Indexing is one of the principal features that distinguish a database from a simple file system. In a file system, searching for a specific element value usually requires scanning through the whole document set and parsing all the documents. A database system, in contrast, can organize much more efficient access paths by means of indexes.
Tamino can index attributes and simple elements as well as complex elements, and it allows two different categories of index: standard index and text index. Within these categories, various mechanisms can be used, which give rise to simple indexes, multi-path indexes, compound indexes and reference indexes.
Tamino's annotations (see Tamino Annotations in XMLSchema::Node Level Definitions) also indicate whether or not document nodes should be indexed, and which type of indexing is to be used:
- Standard Indexing
Standard indexes are the classical database indexes. The complete node content is used as the index value. When a document is stored or updated, Tamino inserts standard indexes into a specific index, enabling efficient queries. Tamino can index all XML Schema datatypes.
- Text Indexing
Here, Tamino analyzes the content of an indexed node word by word and stores the individual words in an index.
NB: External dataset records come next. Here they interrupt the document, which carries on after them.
(* For every integer $d\ge3$ and all $p_1,\dots,p_d\in(0,1)$, the first rencontre-time $J^d$ (see context) satisfies $E(J^d)=\infty$.
   Context: Let $d\ge2$ be an integer and $p_1,\dots,p_d\in(0,1)$. Let $\{X^j_k\}_{k\ge1}$, $j=1,\dots,d$, be independent sequences, the $j$-th consisting of i.i.d. Bernoulli random variables with success parameter $p_j$ (all $X^j_k$ mutually independent). Set $S^j(n)=\sum_{i=1}^n X^j_i$. The first rencontre-time is $J^d=\inf\{n\ge1: S^1(n)=S^2(n)=\dots=S^d(n)\}$ with $\inf\emptyset=\infty$. *)

From HB Require Import structures.
From mathcomp Require Import all_boot all_order all_algebra.
From mathcomp Require Import all_classical all_reals all_analysis.
Set Implicit Arguments. Unset Strict Implicit. Unset Printing Implicit Defensive.
Import Order.TTheory GRing.Theory Num.Theory.
Local Open Scope classical_set_scope.
Local Open Scope ring_scope.

(* For boolean variables this is equivalent to mutual independence of the
   generated sigma-algebras. *)
Definition mutually_independent_bool (d0 : measure_display) (T : measurableType d0)
  (R : realType) (P : probability T R) (I : eqType) (Y : I -> T -> bool) : Prop :=
  forall (F : seq I) (b : I -> bool), uniq F ->
    P (\bigcap_(i in [set i | i \in F]) [set t | Y i t = b i]) =
    (\prod_(i <- F) P [set t | Y i t = b i])%E.

(* S^j(n) = X^j_1 + ... + X^j_n ; here the sequence is indexed from 0,
   i.e. X j 0 plays the role of X^j_1. *)
Definition partial_sum (d : nat) (T : Type) (X : 'I_d -> nat -> T -> bool)
  (j : 'I_d) (n : nat) (t : T) : nat :=
  (\sum_(i < n) (X j i t : nat))%N.

(* First rencontre time J^d = inf {n >= 1 : S^1(n) = ... = S^d(n)},
   valued in the extended reals, with inf emptyset = +oo. *)
Definition rencontre_time (R : realType) (d : nat) (T : Type)
  (X : 'I_d -> nat -> T -> bool) (t : T) : \bar R :=
  ereal_inf [set (n%:R)%:E | n in
    [set n : nat | (0 < n)%N /\ forall j j' : 'I_d,
        partial_sum X j n t = partial_sum X j' n t]].

From HB Require Import structures.
From mathcomp Require Import all_boot all_order all_algebra.
From mathcomp Require Import all_classical all_reals all_analysis.
From mathcomp Require Import measurable_realfun.
From mathcomp Require Import ring lra zify.
Import Order.TTheory GRing.Theory Num.Theory.
Local Open Scope classical_set_scope.
Local Open Scope ring_scope.

Set Implicit Arguments. Unset Strict Implicit. Unset Printing Implicit Defensive.

(* Since J^d >= J^2, the first meeting time of the first two sequences, it suffices
   to look at the walk D_n = S^1(n) - S^2(n), whose steps are i.i.d. in {-1, 0, 1}
   with variance p_1 (1 - p_1) + p_2 (1 - p_2) > 0.  Summing tails,
   E J^2 >= sum_(m <= N) P(D_1, ..., D_m all nonzero).  Reversing the first m steps
   maps this event onto {D_m differs from D_0, ..., D_(m-1)}, so the sum is the
   expected number of distinct values visited up to time N, which is at least
   E |D_N| because the walk moves by at most 1 per step.  Finally the pointwise
   bound a^2 y^2 <= a^3 |y| + y^4, applied to the centred walk with a of order
   sqrt N and combined with its second and fourth moments, gives E |D_N| >= c sqrt N. *)

Section FreshValues.
Variable R : realDomainType.
Implicit Types d : nat -> R.

Definition fresh d m := all (fun j => d j != d m) (iota 0 m).

Definition fresh_count d N := \sum_(1 <= m < N.+1) ((fresh d m)%:R : R).

Lemma fresh_of_gt d N : (forall j, (j <= N)%N -> d j < d N.+1) -> fresh d N.+1.
Proof.
by move=> lt_d; apply/allP => j; rewrite mem_iota => /andP[_ /lt_d/lt_eqF->].
Qed.

Lemma fresh_of_lt d N : (forall j, (j <= N)%N -> d N.+1 < d j) -> fresh d N.+1.
Proof.
by move=> lt_d; apply/allP => j; rewrite mem_iota => /andP[_ /lt_d/gt_eqF->].
Qed.

Lemma range_le_fresh_count d N : (forall k, `|d k.+1 - d k| <= 1) ->
  exists lo hi, (forall j, (j <= N)%N -> lo <= d j <= hi) /\
                hi - lo <= fresh_count d N.
Proof.
move=> d_step; elim: N => [|N [lo [hi [d_in range_le]]]].
  exists (d 0%N), (d 0%N); split; last by rewrite /fresh_count big_geq ?subrr.
  by move=> j; rewrite leqn0 => /eqP->; rewrite lexx.
have countS : fresh_count d N.+1 = fresh_count d N + (fresh d N.+1)%:R.
  by rewrite /fresh_count big_nat_recr.
have /andP[loN hiN] := d_in N (leqnn N).
have := d_step N; rewrite ler_norml => /andP[stepN stepP].
have d_inS lo' hi' : lo' <= lo -> hi <= hi' -> lo' <= d N.+1 <= hi' ->
    forall j, (j <= N.+1)%N -> lo' <= d j <= hi'.
  move=> lo'_le le_hi' dS j; rewrite leq_eqVlt => /orP[/eqP->//|/d_in/andP[? ?]].
  by apply/andP; split; [apply: le_trans lo'_le _|apply: le_trans le_hi'].
have [hi_lt|] := ltrP hi (d N.+1).
  have freshS : fresh d N.+1.
    by apply: fresh_of_gt => j /d_in/andP[_ /le_lt_trans]; apply.
  exists lo, (d N.+1); split.
    by apply: d_inS; rewrite ?lexx ?(ltW hi_lt) ?andbT //; lra.
  by rewrite countS freshS /=; lra.
have [lt_lo|] := ltrP (d N.+1) lo.
  have freshS : fresh d N.+1.
    by apply: fresh_of_lt => j /d_in/andP[/(lt_le_trans lt_lo) + _]; apply.
  exists (d N.+1), hi; split.
    by apply: d_inS; rewrite ?lexx ?(ltW lt_lo) //; lra.
  by rewrite countS freshS /=; lra.
move=> le_hi lo_le; exists lo, hi; split; first by apply: d_inS; rewrite ?lexx ?lo_le ?le_hi.
by rewrite countS; have : 0 <= ((fresh d N.+1)%:R : R) by []; lra.
Qed.

Lemma norm_le_fresh_count d N : d 0%N = 0 -> (forall k, `|d k.+1 - d k| <= 1) ->
  `|d N| <= fresh_count d N.
Proof.
move=> d0 /(range_le_fresh_count N) [lo [hi [d_in range_le]]].
have /andP[lo0 hi0] := d_in 0%N (leq0n N); have /andP[loN hiN] := d_in N (leqnn N).
by rewrite d0 in lo0 hi0; rewrite ler_norml; apply/andP; split; lra.
Qed.
End FreshValues.

Section IidExpectation.
Context {R : realFieldType} {A : eqType} {steps : seq A} {w : A -> R}.
Hypothesis w_ge0 : forall a, 0 <= w a.
Hypothesis w_sum1 : \sum_(a <- steps) w a = 1.
Implicit Types f g : seq A -> R.

Fixpoint expect_iid N f : R :=
  if N is N'.+1 then \sum_(a <- steps) w a * expect_iid N' (fun s => f (a :: s))
  else f [::].

Lemma eq_expect_iid N f g : (forall s, size s = N -> f s = g s) ->
  expect_iid N f = expect_iid N g.
Proof.
elim: N f g => [|N IHN] f g fg /=; first exact: fg.
by apply: eq_bigr => a _; congr (_ * _); apply: IHN => s sN; apply: fg; rewrite /= sN.
Qed.

Lemma ler_expect_iid N f g : (forall s, size s = N -> f s <= g s) ->
  expect_iid N f <= expect_iid N g.
Proof.
elim: N f g => [|N IHN] f g fg /=; first exact: fg.
apply: ler_sum => a _; apply: ler_wpM2l => //.
by apply: IHN => s sN; apply: fg; rewrite /= sN.
Qed.

Lemma expect_iidD N f g :
  expect_iid N (fun s => f s + g s) = expect_iid N f + expect_iid N g.
Proof.
elim: N f g => [//|N IHN] f g /=.
by rewrite -big_split; apply: eq_bigr => a _; rewrite IHN mulrDr.
Qed.

Lemma expect_iidZ N c f : expect_iid N (fun s => c * f s) = c * expect_iid N f.
Proof.
elim: N f => [//|N IHN] f /=.
by rewrite mulr_sumr; apply: eq_bigr => a _; rewrite IHN mulrCA.
Qed.

Lemma expect_iid_cst N c : expect_iid N (fun _ => c) = c.
Proof.
elim: N => [//|N IHN] /=.
by under eq_bigr do rewrite IHN; rewrite -mulr_suml w_sum1 mul1r.
Qed.

Lemma expect_iid_sum N (I : Type) (r : seq I) (F : I -> seq A -> R) :
  expect_iid N (fun s => \sum_(i <- r) F i s) = \sum_(i <- r) expect_iid N (F i).
Proof.
elim: r => [|i r IHr]; first by under eq_fun do rewrite big_nil; rewrite expect_iid_cst big_nil.
by rewrite big_cons -IHr -expect_iidD; under eq_fun do rewrite big_cons.
Qed.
We discuss this technique in more detail in Text Retrieval.
- Standard and Text Indexing
This may be required in special cases but should, in general, be avoided because of the high overhead.
Indexes can be declared for attributes and for leaf elements, but also
for elements that contain child elements. In the latter case the index is
constructed from the concatenated text of the element and its child elements,
i.e. from the result of the text()
function applied to that
element. For example, if we had:
<name><first>Louis</first><last>Armstrong</last></name>
and declared an index for <name>
, the string
"LouisArmstrong" would be used as index value.
The way in which the markup is treated in a given database
can be controlled by setting the database property markup as
delimiter
. This can be done using the Tamino Manager. If the
property is set to "yes", markup is treated as a
delimiter for text (i.e. it is handled like white space). If it is set to
"mixed", markup is not treated as a delimiter in
mixed-content elements. If the property is set to the default value
"no", markup is not treated as a delimiter.
Indexes are not necessarily required to perform queries. Tamino can interpret any valid query expression, even if an index is not defined. However, this can be costly. For example, the query
jazzMusician[@ID="ColtraneJohn"]
would require Tamino to read all
jazzMusician
instances, parse them to extract the attribute
ID
, and compare the ID
attribute value of each
document with the search string. This may be practicable if we have only a
small document base with half a dozen documents, but is out of the question if
our database contains thousands of jazzMusician
instances.
In contrast, if the attribute ID
is declared as an index,
Tamino would only read and parse those
jazzMusician
documents that have
"ColtraneJohn" as the value of the attribute
ID
.
So far, we have only discussed indexes for document nodes that are defined in the schema. But what about markup that is not defined in the schema but only appears in individual document instances, for example in a wildcard? Can Tamino apply indexing to these document extensions as well?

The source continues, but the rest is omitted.